[Task directions]:
Using the data below, output the first line and every line after it up to and including the line containing "apply: (nondecreasing_of_derive (fun", exactly as written and with nothing added.

╭─ Data records

Lemma increment_le (f g df dg : R -> R) (x y : R) : x <= y ->
  (forall t, x <= t <= y -> is_derive f t (df t)) ->
  (forall t, x <= t <= y -> is_derive g t (dg t)) ->
  (forall t, x <= t <= y -> df t <= dg t) -> f y - f x <= g y - g x.
Proof.
move=> xy f_df g_dg df_le.
suff : g x - f x <= g y - f y by lra.
apply: (nondecreasing_of_derive (fun t => g t - f t) (fun t => dg t - df t)) => // t ht.
- exact: is_derive_minus (g_dg t ht) (f_df t ht).
- by have := df_le t ht; lra.
Qed.

Lemma eq_of_same_derive_pos (f g df : R -> R) :
  (forall t, 0 < t -> derivable_pt_lim f t (df t)) ->
  (forall t, 0 < t -> derivable_pt_lim g t (df t)) ->
  vanishes_at_0plus (fun t => f t - g t) -> forall x, 0 < x -> f x = g x.
Proof.
move=> f_df g_df small x x0.
have const a : 0 < a < x -> f x - g x = f a - g a.
  move=> [a0 ax].
  have deriv0 c : a <= c <= x -> derivable_pt_lim (fun t => f t - g t) c 0.
    move=> hc; rewrite -(Rminus_diag_eq (df c) (df c)) //.
    by apply: derivable_pt_lim_minus; [apply: f_df|apply: g_df]; lra.
  by have [c [Hc _]] := MVT_cor2 _ (fun _ => 0) a x ax deriv0; lra.
apply: Rminus_diag_uniq; apply: Rabs_eq_0; apply: Rle_antisym; last exact: Rabs_pos.
apply: Rnot_lt_le => gap.
have [d [d0 Hd]] := small _ gap.
set a := Rmin (x / 2) (d / 2).
have a0 : 0 < a by apply: Rmin_pos; lra.
have [ax ad] : a < x /\ a < d.
  by have := Rmin_l (x / 2) (d / 2); have := Rmin_r (x / 2) (d / 2); rewrite -/a; lra.
have := Hd a (conj a0 ad); rewrite -const; lra.
Qed.

Lemma vanishes_at_0plus_minus (f g : R -> R) :
  vanishes_at_0plus f -> vanishes_at_0plus g -> vanishes_at_0plus (fun t => f t - g t).
Proof.
move=> vf vg eps e0.
have [d1 [d10 H1]] := vf (eps / 2) ltac:(lra).
have [d2 [d20 H2]] := vg (eps / 2) ltac:(lra).
exists (Rmin d1 d2); split; first exact: Rmin_pos.
move=> t [t0 td].
have td1 : t < d1 by have := Rmin_l d1 d2; lra.
have td2 : t < d2 by have := Rmin_r d1 d2; lra.
have := Rabs_triang (f t) (- g t); rewrite Rabs_Ropp /Rminus.
have := H1 t (conj t0 td1); have := H2 t (conj t0 td2); lra.
Qed.

Lemma vanishes_at_0plus_continuous (f : R -> R) :
  continuous f 0 -> f 0 = 0 -> vanishes_at_0plus f.
Proof.
move=> /filterlim_locally f_cont f0 eps e0.
have [d Hd] := f_cont (mkposreal eps e0).
exists d; split; first exact: cond_pos.
move=> t [t0 td].
have /Hd : ball 0 d t.
  by rewrite /ball /= /AbsRing_ball /abs /minus /plus /opp /= Ropp_0 Rplus_0_r Rabs_pos_eq; lra.
by rewrite f0 /ball /= /AbsRing_ball /abs /minus /plus /opp /= Ropp_0 Rplus_0_r.
Qed.

Lemma vanishes_at_0plus_rescale (h : R -> R) (a b : R) :
  0 < a -> vanishes_at_0plus h -> vanishes_at_0plus (fun t => h (t * a) * b).
Proof.
move=> a0 vh eps e0.
have b1 : 0 < Rabs b + 1 by have := Rabs_pos b; lra.
have [d [d0 Hd]] := vh (eps / (Rabs b + 1)) ltac:(exact: Rdiv_lt_0_compat).
exists (d / a); split; first exact: Rdiv_lt_0_compat.
move=> t [t0 td]; rewrite Rabs_mult.
have ta : 0 < t * a < d.
  split; first nra.
  by apply: (Rmult_lt_reg_r (/ a)); [exact: Rinv_0_lt_compat|field_simplify; lra].
have := Hd _ ta; have := Rabs_pos (h (t * a)); have := Rabs_pos b.
have : eps / (Rabs b + 1) * (Rabs b + 1) = eps by field; lra.
nra.
Qed.

Lemma is_lim_gauss_decay (k : R) : 0 < k ->
  is_lim (fun t => exp (- (k * t ^ 2) / 2)) p_infty 0.
Proof.
move=> k0.
apply: (is_lim_comp exp (fun t => - (k * t ^ 2) / 2) p_infty 0 m_infty).
- exact: is_lim_exp_m.
- apply: (is_lim_ext (fun t => (- k / 2) * (t * t))); first by move=> t; field.
  have -> : m_infty = Rbar_mult (- k / 2) (Rbar_mult p_infty p_infty).
    by rewrite /=; case: Rle_dec => [?|//]; exfalso; lra.
  by apply: is_lim_scal_l; apply: is_lim_mult; [apply: is_lim_id..|].
- by exists 0.
Qed.

Lemma gauss_density_pos (t : R) : 0 < gauss_density t.
Proof.
apply: Rdiv_lt_0_compat; first exact: exp_pos.
by apply: sqrt_lt_R0; have := PI_RGT_0; lra.
Qed.

Lemma gauss_density_continuous (t : R) : continuous gauss_density t.
Proof. by apply: ex_derive_continuous; rewrite /gauss_density; auto_derive. Qed.

Lemma ex_RInt_gauss_density (a b : R) : ex_RInt gauss_density a b.
Proof. by apply: ex_RInt_continuous => t _; exact: gauss_density_continuous. Qed.

Definition Phi0 (x : R) : R := RInt gauss_density 0 x.

Lemma Phi0_derive (x : R) : is_derive Phi0 x (gauss_density x).
Proof.
apply: is_derive_RInt; last exact: gauss_density_continuous.
by apply: filter_forall => b; apply: RInt_correct; exact: ex_RInt_gauss_density.
Qed.

Lemma rescaled_primitive_derive (t : R) : 0 < t ->
  derivable_pt_lim (fun u => GaussIntegral.gauss_primitive (u / sqrt 2) / sqrt PI) t
    (gauss_density t).
Proof.
move=> t0; apply/is_derive_Reals.
have s2 : 0 < sqrt 2 by apply: sqrt_lt_R0; lra.
have sPI : 0 < sqrt PI by apply: sqrt_lt_R0; exact: PI_RGT_0.
have s2PI : sqrt (2 * PI) = sqrt 2 * sqrt PI by apply: sqrt_mult; have := PI_RGT_0; lra.
have outer : is_derive GaussIntegral.gauss_primitive (t / sqrt 2) (exp (- (t / sqrt 2) ^ 2)).
  apply/is_derive_Reals; apply: GaussIntegral.gauss_primitive_derivable_pt_lim.
  exact: Rdiv_lt_0_compat.
have inner : is_derive (fun u => u / sqrt 2) t (/ sqrt 2) by auto_derive; [|field]; lra.
have := is_derive_scal_l _ _ _ (/ sqrt PI)
  (is_derive_comp _ (fun u => u / sqrt 2) _ _ _ outer inner).
rewrite /scal /= /mult /=.
have -> : gauss_density t = / sqrt 2 * exp (- (t / sqrt 2) ^ 2) * / sqrt PI.
  have sq2 : - (t / sqrt 2) ^ 2 = - t ^ 2 / 2.
    by rewrite Rpow_mult_distr pow_inv pow2_sqrt; [field|lra].
  by rewrite /gauss_density sq2 s2PI; field; lra.
exact: is_derive_ext.
Qed.

(* On ]0, +oo[, Phi0 is this rescaled primitive: both have derivative phi and
   vanish at 0+. *)
Lemma Phi0_gauss_primitive (x : R) : 0 < x ->
  Phi0 x = GaussIntegral.gauss_primitive (x / sqrt 2) / sqrt PI.
Proof.
move=> x0.
apply: (eq_of_same_derive_pos _ _ gauss_density _ rescaled_primitive_derive _ x x0).
- by move=> t _; apply/is_derive_Reals; exact: Phi0_derive.
apply: vanishes_at_0plus_minus.
- apply: vanishes_at_0plus_continuous; last exact: RInt_point.
  by apply: ex_derive_continuous; exists (gauss_density 0); exact: Phi0_derive.
apply: vanishes_at_0plus_rescale; last exact: GaussIntegral.gauss_primitive_vanishes_0plus.
by apply: Rinv_0_lt_compat; apply: sqrt_lt_R0; lra.
Qed.

Lemma gauss_primitive_is_lim : is_lim GaussIntegral.gauss_primitive p_infty (sqrt PI / 2).
Proof.
apply/is_lim_spec => eps.
have [M HM] := GaussIntegral.gauss_primitive_limit eps (cond_pos eps).
by exists M.
Qed.

Lemma is_lim_const_minus (f : R -> R) (c l : R) :
  is_lim f p_infty l -> is_lim (fun b => c - f b) p_infty (c - l).
Proof.
move=> f_lim.
by apply: (is_lim_minus _ _ _ c l); [exact: is_lim_const|exact: f_lim|].
Qed.

Lemma Phi0_is_lim : is_lim Phi0 p_infty (1 / 2).
Proof.
have s2 : 0 < sqrt 2 by apply: sqrt_lt_R0; lra.
have sPI : 0 < sqrt PI by apply: sqrt_lt_R0; exact: PI_RGT_0.
apply: (is_lim_ext_loc (fun x => GaussIntegral.gauss_primitive (x / sqrt 2) / sqrt PI)).
  by exists 0 => x x0; rewrite Phi0_gauss_primitive.
have -> : Finite (1 / 2) = Rbar_mult (sqrt PI / 2) (/ sqrt PI) by rewrite /=; f_equal; field; lra.
apply: is_lim_scal_r.
apply: (is_lim_comp _ (fun x => x / sqrt 2) p_infty _ p_infty); last by exists 0.
- exact: gauss_primitive_is_lim.
- have := is_lim_scal_r _ (/ sqrt 2) p_infty p_infty (is_lim_id p_infty).
  rewrite (is_Rbar_mult_unique _ _ _ (is_Rbar_mult_p_infty_pos _ _)) //.
  exact: Rinv_0_lt_compat.
Qed.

╰─

[Answer to the exercise]:
Lemma increment_le (f g df dg : R -> R) (x y : R) : x <= y ->
  (forall t, x <= t <= y -> is_derive f t (df t)) ->
  (forall t, x <= t <= y -> is_derive g t (dg t)) ->
  (forall t, x <= t <= y -> df t <= dg t) -> f y - f x <= g y - g x.
Proof.
move=> xy f_df g_dg df_le.
suff : g x - f x <= g y - f y by lra.
apply: (nondecreasing_of_derive (fun t => g t - f t) (fun t => dg t - df t)) => // t ht.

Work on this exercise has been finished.